For this part, you'll try to predict population on a per-census tract basis (in contrast to our preceding per-county analysis), using features calculated from the land use data. You have flexibility around what features to use and what models to train, but we have a few requirements:
- start with a GeoDataFrame dataset loaded from
tracts.geojson
- add one or more feature columns to that dataset based on raster data
land.zip
(you can decide what the columns are, so think about what land types might correspond to population) - split your GeoDataFrame into train/test using
random_state=320
- construct at least 2 regression models. They should differ in terms of (a) what columns they use and/or (b) whether or not they're preceded by transformers in an sklearn Pipeline
- perform cross validation on both your models over your training dataset
- write a comment recommending which model you recommend for this prediction task. Factors you might consider are (a) high scores, (b) little variance across scores, (c) model simplicity, and (d) anything else you think is important.
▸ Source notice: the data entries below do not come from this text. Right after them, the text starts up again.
(* Let $K$ be a non-empty compact Hausdorff space, and let $P\colon C(K)\to C(K)$ be a positive linear projection (i.e. $P^2=P$ and $Pf\ge 0$ whenever $f\ge 0$) with $P\mathbb{1}_K=\mathbb{1}_K$. Suppose there exists $\alpha\ge 0$ such that: (i) $\alpha\,\mathrm{id}_{C(K)}\le P$ (i.e. $Pf-\alpha f\ge 0$ for all $f\in C(K)_+$), and (ii) whenever $f\in C(K)$ satisfies $0\le M_f\le P$, then $\|f\|_\infty\le\alpha$. Then either $\alpha=0$ or $\alpha=1/n$ for some $n\in\mathbb{N}$.
   Context: $C(K)$ is the Banach lattice of real-valued continuous functions on $K$ with the pointwise order and sup norm; $\mathbb{1}_K$ is the constant function $1$. For $f\in C(K)$, $M_f\colon C(K)\to C(K)$ is the multiplication operator $M_f(g)=fg$. For operators $S,T$ on $C(K)$, $S\le T$ means $T-S$ is a positive operator. *)

From HB Require Import structures.
From mathcomp Require Import all_boot all_order all_algebra.
From mathcomp Require Import all_classical all_reals all_analysis.
Import numFieldNormedType.Exports.
Set Implicit Arguments. Unset Strict Implicit. Unset Printing Implicit Defensive.
Import Order.TTheory GRing.Theory Num.Theory.
Local Open Scope ring_scope.
Local Open Scope classical_set_scope.

(* C(K) is modelled as the functions K -> R that are continuous;
   an operator on C(K) is a map (K -> R) -> (K -> R) whose behaviour is only
   constrained on continuous inputs. *)

Section Defs.
Variables (R : realType) (K : topologicalType).

Definition CK_op_maps (T : (K -> R) -> (K -> R)) : Prop :=
  forall f : K -> R, continuous f -> continuous (T f).

Definition CK_linear (T : (K -> R) -> (K -> R)) : Prop :=
  forall (a : R) (f g : K -> R), continuous f -> continuous g ->
    T (fun x => a * f x + g x) = (fun x => a * T f x + T g x).

Definition CK_positive (T : (K -> R) -> (K -> R)) : Prop :=
  forall f : K -> R, continuous f -> (forall x, 0 <= f x) -> forall x, 0 <= T f x.

Definition CK_op_le (S T : (K -> R) -> (K -> R)) : Prop :=
  CK_positive (fun f x => T f x - S f x).

Definition mult_op (f : K -> R) : (K -> R) -> (K -> R) :=
  fun g x => f x * g x.

Definition scal_id (a : R) : (K -> R) -> (K -> R) := fun g x => a * g x.

Definition zero_op : (K -> R) -> (K -> R) := fun _ _ => 0.

Definition supnorm (f : K -> R) : R := sup (range (fun x => `|f x|)).

End Defs.

From HB Require Import structures.
From mathcomp Require Import all_boot all_order all_algebra.
From mathcomp Require Import all_classical all_reals all_analysis.
From mathcomp Require Import ring lra.
Import numFieldNormedType.Exports.
Import Order.TTheory GRing.Theory Num.Theory.
Local Open Scope ring_scope.
Local Open Scope classical_set_scope.

(* Condition (i) forces the range of P to be closed under squaring, so the
   functionals f |-> P f x split K into "fibers" (points that the range of P
   does not separate), and by compactness P f x only depends on f on the fiber
   of x.  Evaluating P at x on disjoint bumps around the points of a fiber
   gives values >= alpha summing to at most 1, so fibers have at most
   1/alpha points.  On a fiber {z_1, ..., z_M} of maximal size the values
   P G_i x sum to exactly 1, and testing (ii) on a multiplier built from the
   P G_j shows that each of them is <= alpha; hence alpha = 1/M. *)

Section ContinuousFunctions.
Context {R : realType} {K : topologicalType}.
Implicit Types (f g : K -> R).

Lemma continuous_addr {f g} :
  continuous f -> continuous g -> continuous (fun x => f x + g x).
Proof. by move=> fc gc x; apply: cvgD; [exact: fc | exact: gc]. Qed.

Lemma continuous_subr {f g} :
  continuous f -> continuous g -> continuous (fun x => f x - g x).
Proof. by move=> fc gc x; apply: cvgB; [exact: fc | exact: gc]. Qed.

Lemma continuous_mulr {f g} :
  continuous f -> continuous g -> continuous (fun x => f x * g x).
Proof. by move=> fc gc x; apply: cvgM; [exact: fc | exact: gc]. Qed.

Lemma continuous_sqr {f} : continuous f -> continuous (fun x => f x ^+ 2).
Proof. by move=> fc; under eq_fun do rewrite expr2; exact: continuous_mulr. Qed.

Lemma continuous_minr {f g} :
  continuous f -> continuous g -> continuous (fun x => Num.min (f x) (g x)).
Proof. by move=> fc gc x; exact: (@continuous_min R K f g x (fc x) (gc x)). Qed.

Lemma continuous_maxr {f g} :
  continuous f -> continuous g -> continuous (fun x => Num.max (f x) (g x)).
Proof. by move=> fc gc x; exact: (@continuous_max R K f g x (fc x) (gc x)). Qed.

Lemma continuous_sumr (I : Type) (s : seq I) (Q : pred I) (F : I -> K -> R) :
  (forall i, continuous (F i)) -> continuous (fun x => \sum_(i <- s | Q i) F i x).
Proof.
move=> Fc; elim: s => [|i s IHs].
  by under eq_fun do rewrite big_nil; exact: cst_continuous.
by under eq_fun do rewrite big_cons; case: (Q i) => //; exact: continuous_addr.
Qed.

Lemma continuous_prodr (I : Type) (s : seq I) (Q : pred I) (F : I -> K -> R) :
  (forall i, continuous (F i)) -> continuous (fun x => \prod_(i <- s | Q i) F i x).
Proof.
move=> Fc; elim: s => [|i s IHs].
  by under eq_fun do rewrite big_nil; exact: cst_continuous.
by under eq_fun do rewrite big_cons; case: (Q i) => //; exact: continuous_mulr.
Qed.

Lemma ler_supnorm {f} {b : R} z : (forall y, `|f y| <= b) -> `|f z| <= supnorm f.
Proof.
move=> fb; apply: sup_upper_bound; last by exists z.
by split; [exists `|f z|, z | exists b => _ [y _ <-]].
Qed.

(* The sets [e + h <= g], h in D, form a filter base of closed sets; a cluster
   point y would satisfy e + h y <= g y for every h in D, against the last
   hypothesis. *)
Lemma compact_dominate (D : set (K -> R)) g (e : R) :
  compact [set: K] -> continuous g ->
  D (fun=> 0) -> (forall h1 h2, D h1 -> D h2 -> D (fun y => h1 y + h2 y)) ->
  (forall h, D h -> continuous h /\ forall y, 0 <= h y) ->
  (forall y, e <= g y -> exists2 h, D h & g y < e + h y) ->
  exists2 h, D h & forall y, g y <= e + h y.
Proof.
move=> Kc gc D0 DD Dreg gD.
pose B h := [set y | e + h y <= g y].
have [[h Dh Bh0]|nB] := pselect (exists2 h, D h & B h = set0).
  exists h => // y; rewrite leNgt; apply/negP => /ltW hy.
  by have : B h y by []; rewrite Bh0.
have B_proper : ProperFilter (filter_from D B).
  apply: filter_from_proper; last first.
    by move=> h Dh; apply/set0P/eqP => Bh0; apply: nB; exists h.
  apply: filter_from_filter; first by exists (fun=> 0).
  move=> h1 h2 D1 D2; exists (fun y => h1 y + h2 y); first exact: DD.
  have [_ h1_ge0] := Dreg _ D1; have [_ h2_ge0] := Dreg _ D2.
  move=> y; rewrite /B /= => hy.
  by split; [have := h2_ge0 y | have := h1_ge0 y]; lra.
have [y [_ y_cluster]] := Kc _ B_proper filterT.
rewrite clusterE in y_cluster.
have By h : D h -> B h y.
  move=> Dh; have [hc _] := Dreg _ Dh.
  have Bh_closed : closed (B h).
    have -> : B h = (fun z => g z - h z - e) @^-1` [set r : R | 0 <= r].
      by apply/funext => z; apply/propext; rewrite /B /=; split; lra.
    apply: preimage_closed; last exact: closed_ge.
    move=> z _; apply: continuous_subr; last exact: cst_continuous.
    exact: continuous_subr.
  by move/closure_id: Bh_closed => ->; apply: y_cluster; exact: in_filter_from.
have e_le_gy : e <= g y by have := By _ D0; rewrite /B /= addr0.
have [h Dh hy] := gD y e_le_gy.
by have := By h Dh; rewrite /B /=; lra.
Qed.

End ContinuousFunctions.

Lemma ler_sum_term (R : numDomainType) (I : eqType) (r : seq I) (Q : pred I)
    (F : I -> R) j :
  (forall i, 0 <= F i) -> j \in r -> Q j -> F j <= \sum_(i <- r | Q i) F i.
Proof.
move=> F0; elim: r => // a r IHr; rewrite inE big_cons => /orP [/eqP <-| jr] Qj.
  by rewrite Qj lerDl sumr_ge0.
case: (Q a); last exact: IHr.
by rewrite addrC ler_wpDr // IHr.
Qed.

Record bump_family {R : realType} {K : topologicalType} (s : seq K)
    (G : K -> K -> R) : Prop := BumpFamily {
  bump_continuous : forall z, continuous (G z);
  bump_ge0 : forall z y, 0 <= G z y;
  bump_le1 : forall z y, G z y <= 1;
  bump_peak : forall z, z \in s -> G z z = 1;
  bump_disjoint : forall z z' y, z \in s -> z' \in s -> z != z' ->
    G z y = 0 \/ G z' y = 0 }.
Arguments bump_continuous {R K s G}.
Arguments bump_ge0 {R K s G}.
Arguments bump_le1 {R K s G}.
Arguments bump_peak {R K s G} _ {z}.
Arguments bump_disjoint {R K s G} _ {z z'} y.

Section Bumps.
Context {R : realType} {K : topologicalType}.
Hypotheses (K_hausdorff : hausdorff_space K) (K_compact : compact [set: K]).

Lemma urysohn_points (z q : K) : z != q -> exists f : K -> R,
  [/\ continuous f, forall y, 0 <= f y <= 1, f q = 0 & f z = 1].
Proof.
move=> zq.
have points_closed := accessible_closed_set1 (hausdorff_accessible K_hausdorff).
have qz_disj : [set q] `&` [set z] = set0.
  by apply/seteqP; split => y //= [-> yz]; move: zq; rewrite yz eqxx.
have := (@normal_separatorP R K).1 (compact_normal K_hausdorff K_compact) _ _
  (points_closed q) (points_closed z) qz_disj.
move/(@uniform_separatorP _ R) => [f [fc f01 f0 f1]].
exists f; split => //.
- by move=> y; have := f01 (f y) (imageT f y); rewrite /= in_itv.
- by apply: f0; exists q.
- by apply: f1; exists z.
Qed.

Lemma exists_peaks (s : seq K) : exists h : K -> K -> R,
  [/\ forall z, continuous (h z), forall z y, 0 <= h z y <= 1,
      forall z, h z z = 1 & forall z q, z \in s -> q != z -> h q z = 0].
Proof.
have : forall p : K * K, exists f : K -> R, [/\ continuous f,
    forall y, 0 <= f y <= 1 & p.1 != p.2 -> f p.2 = 0 /\ f p.1 = 1].
  move=> [z q] /=; have [_|zq] := eqVneq z q.
    by exists (fun=> 1); split => //; [exact: cst_continuous | rewrite ler01 lexx].
  by have [f [fc f01 fq fz]] := urysohn_points _ _ zq; exists f.
move=> /choice [U U_sep].
exists (fun z y => \prod_(q <- s | q != z) U (z, q) y); split.
- by move=> z; apply: continuous_prodr => q; case: (U_sep (z, q)).
- move=> z y; apply/andP; split.
    by apply: prodr_ge0 => q _; case: (U_sep (z, q)) => _ /(_ y) /andP[].
  by apply: prodr_ile1 => q _; case: (U_sep (z, q)) => _ /(_ y).
- move=> z; apply: big1_seq => q /andP [qz _].
  by case: (U_sep (z, q)) => _ _ /(_ _) [|_ //]; rewrite /= eq_sym.
- move=> z q zs qz; apply/eqP; rewrite prodf_seq_eq0; apply/hasP; exists z => //.
  by rewrite eq_sym qz; case: (U_sep (q, z)) => _ _ /(_ qz) [/= -> _].
Qed.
- fit your recommended model to the entire training dataset and score it against the test dataset
Answer with a bar plot showing average scores and error bars showing the standard deviation of scores.
You can search for "How can we compare models?" in the lecture examples:
https://github.com/cs320-wisc/s22/blob/main/lec/29%20Regression%201/lec1.ipynb
Remember that you need to write a comment that reasonably justifies why you're recommending this specific model over the others you tried.
In terms of tester scores, this question is weighted to be worth 4 regular questions. Explained variance of 0.35 or higher gets full credit (less gets partial credit).